Would you please copy every line from the records that contains the word "with"?

> Saved data entries
== Segment start ==

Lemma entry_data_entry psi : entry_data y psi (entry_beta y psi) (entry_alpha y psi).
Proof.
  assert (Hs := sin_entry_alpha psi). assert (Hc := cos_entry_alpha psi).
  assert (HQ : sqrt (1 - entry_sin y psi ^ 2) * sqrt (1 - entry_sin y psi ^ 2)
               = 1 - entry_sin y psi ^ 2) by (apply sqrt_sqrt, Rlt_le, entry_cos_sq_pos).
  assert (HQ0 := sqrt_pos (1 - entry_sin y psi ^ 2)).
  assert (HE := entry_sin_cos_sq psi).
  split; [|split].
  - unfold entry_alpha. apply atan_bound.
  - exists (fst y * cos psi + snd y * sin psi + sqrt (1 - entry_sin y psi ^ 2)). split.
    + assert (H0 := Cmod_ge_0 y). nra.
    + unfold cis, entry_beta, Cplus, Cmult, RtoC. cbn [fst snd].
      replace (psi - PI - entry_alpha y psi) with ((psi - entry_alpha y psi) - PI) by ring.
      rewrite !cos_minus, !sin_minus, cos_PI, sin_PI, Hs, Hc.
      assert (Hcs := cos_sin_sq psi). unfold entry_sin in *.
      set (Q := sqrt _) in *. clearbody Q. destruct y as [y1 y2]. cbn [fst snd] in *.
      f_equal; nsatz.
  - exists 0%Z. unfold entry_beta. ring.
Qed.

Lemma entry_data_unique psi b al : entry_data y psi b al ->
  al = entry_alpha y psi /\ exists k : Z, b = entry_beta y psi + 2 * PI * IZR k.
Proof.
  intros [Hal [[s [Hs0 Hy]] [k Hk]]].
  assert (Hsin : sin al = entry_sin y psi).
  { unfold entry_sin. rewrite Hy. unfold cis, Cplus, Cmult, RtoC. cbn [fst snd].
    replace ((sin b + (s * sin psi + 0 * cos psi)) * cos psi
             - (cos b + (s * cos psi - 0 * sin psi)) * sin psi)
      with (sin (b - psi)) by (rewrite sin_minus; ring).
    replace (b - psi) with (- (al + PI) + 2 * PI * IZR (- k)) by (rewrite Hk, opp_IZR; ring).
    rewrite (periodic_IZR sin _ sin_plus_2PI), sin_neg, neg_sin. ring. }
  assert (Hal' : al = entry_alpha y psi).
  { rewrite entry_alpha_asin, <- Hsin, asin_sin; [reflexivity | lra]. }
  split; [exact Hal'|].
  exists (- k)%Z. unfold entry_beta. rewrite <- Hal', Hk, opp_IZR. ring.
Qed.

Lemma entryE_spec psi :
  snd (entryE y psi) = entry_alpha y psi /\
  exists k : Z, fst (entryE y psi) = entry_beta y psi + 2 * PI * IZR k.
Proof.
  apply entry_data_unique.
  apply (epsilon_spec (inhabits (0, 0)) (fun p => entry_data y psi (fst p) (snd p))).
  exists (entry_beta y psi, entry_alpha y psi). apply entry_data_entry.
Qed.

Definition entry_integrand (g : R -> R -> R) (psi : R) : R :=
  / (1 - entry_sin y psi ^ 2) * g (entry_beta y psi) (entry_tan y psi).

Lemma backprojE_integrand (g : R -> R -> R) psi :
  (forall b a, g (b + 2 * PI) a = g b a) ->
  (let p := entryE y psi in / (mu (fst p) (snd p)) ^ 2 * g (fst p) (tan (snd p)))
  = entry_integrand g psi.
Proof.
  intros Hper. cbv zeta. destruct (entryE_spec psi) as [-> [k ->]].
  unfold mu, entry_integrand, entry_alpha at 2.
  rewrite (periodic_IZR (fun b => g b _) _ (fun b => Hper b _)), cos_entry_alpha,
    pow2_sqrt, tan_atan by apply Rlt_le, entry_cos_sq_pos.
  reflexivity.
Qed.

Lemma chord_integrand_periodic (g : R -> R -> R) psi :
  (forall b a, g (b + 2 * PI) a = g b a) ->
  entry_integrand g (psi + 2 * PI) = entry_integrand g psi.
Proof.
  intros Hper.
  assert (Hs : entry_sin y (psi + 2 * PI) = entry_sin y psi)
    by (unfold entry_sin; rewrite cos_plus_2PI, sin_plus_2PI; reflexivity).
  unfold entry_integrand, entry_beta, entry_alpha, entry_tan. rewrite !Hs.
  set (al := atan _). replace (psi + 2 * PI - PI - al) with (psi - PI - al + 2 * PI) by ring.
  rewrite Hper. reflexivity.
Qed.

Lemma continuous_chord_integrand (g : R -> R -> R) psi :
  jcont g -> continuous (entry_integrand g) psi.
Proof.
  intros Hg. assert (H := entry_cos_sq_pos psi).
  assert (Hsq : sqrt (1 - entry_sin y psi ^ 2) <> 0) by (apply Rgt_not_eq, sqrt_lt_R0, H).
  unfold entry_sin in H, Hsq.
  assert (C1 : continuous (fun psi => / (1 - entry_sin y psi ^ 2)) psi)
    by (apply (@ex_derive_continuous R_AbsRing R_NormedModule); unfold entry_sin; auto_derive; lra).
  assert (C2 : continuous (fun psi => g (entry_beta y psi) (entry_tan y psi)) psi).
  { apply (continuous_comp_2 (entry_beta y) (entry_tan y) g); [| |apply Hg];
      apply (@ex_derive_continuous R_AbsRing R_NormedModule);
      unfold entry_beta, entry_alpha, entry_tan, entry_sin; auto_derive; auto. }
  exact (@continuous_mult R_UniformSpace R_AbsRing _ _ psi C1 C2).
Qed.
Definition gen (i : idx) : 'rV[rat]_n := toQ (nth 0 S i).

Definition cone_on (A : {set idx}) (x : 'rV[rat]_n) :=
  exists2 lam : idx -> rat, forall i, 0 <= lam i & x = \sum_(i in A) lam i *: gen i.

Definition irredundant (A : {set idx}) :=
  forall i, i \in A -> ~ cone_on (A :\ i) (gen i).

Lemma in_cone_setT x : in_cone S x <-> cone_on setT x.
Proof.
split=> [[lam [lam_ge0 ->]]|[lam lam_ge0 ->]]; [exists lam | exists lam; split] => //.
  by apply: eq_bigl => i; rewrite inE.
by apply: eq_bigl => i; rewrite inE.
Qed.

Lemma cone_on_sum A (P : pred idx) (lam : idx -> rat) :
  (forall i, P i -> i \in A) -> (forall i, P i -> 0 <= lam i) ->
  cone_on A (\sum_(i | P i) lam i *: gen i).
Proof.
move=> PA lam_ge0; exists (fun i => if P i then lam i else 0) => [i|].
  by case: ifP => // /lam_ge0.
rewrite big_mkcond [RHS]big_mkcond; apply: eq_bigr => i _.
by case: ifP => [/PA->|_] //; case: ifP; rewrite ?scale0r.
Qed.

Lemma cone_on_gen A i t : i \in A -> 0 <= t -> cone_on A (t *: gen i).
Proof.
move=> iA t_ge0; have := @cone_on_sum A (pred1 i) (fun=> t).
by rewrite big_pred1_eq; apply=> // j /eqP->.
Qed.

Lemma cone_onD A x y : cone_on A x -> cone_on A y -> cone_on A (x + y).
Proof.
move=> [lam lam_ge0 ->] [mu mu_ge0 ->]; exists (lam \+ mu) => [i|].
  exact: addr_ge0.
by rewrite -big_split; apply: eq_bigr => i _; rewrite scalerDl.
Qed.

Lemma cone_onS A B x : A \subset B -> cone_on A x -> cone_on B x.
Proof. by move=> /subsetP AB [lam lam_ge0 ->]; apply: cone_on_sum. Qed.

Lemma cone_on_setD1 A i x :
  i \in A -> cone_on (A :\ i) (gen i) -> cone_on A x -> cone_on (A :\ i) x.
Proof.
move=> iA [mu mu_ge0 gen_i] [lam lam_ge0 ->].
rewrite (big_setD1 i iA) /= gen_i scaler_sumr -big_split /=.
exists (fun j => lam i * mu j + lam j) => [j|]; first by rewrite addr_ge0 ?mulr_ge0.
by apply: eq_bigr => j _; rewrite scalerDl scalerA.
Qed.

== Segment end ==

> Written solution
      replace (psi - PI - entry_alpha y psi) with ((psi - entry_alpha y psi) - PI) by ring.
      with (sin (b - psi)) by (rewrite sin_minus; ring).
    replace (b - psi) with (- (al + PI) + 2 * PI * IZR (- k)) by (rewrite Hk, opp_IZR; ring).
  set (al := atan _). replace (psi + 2 * PI - PI - al) with (psi - PI - al + 2 * PI) by ring.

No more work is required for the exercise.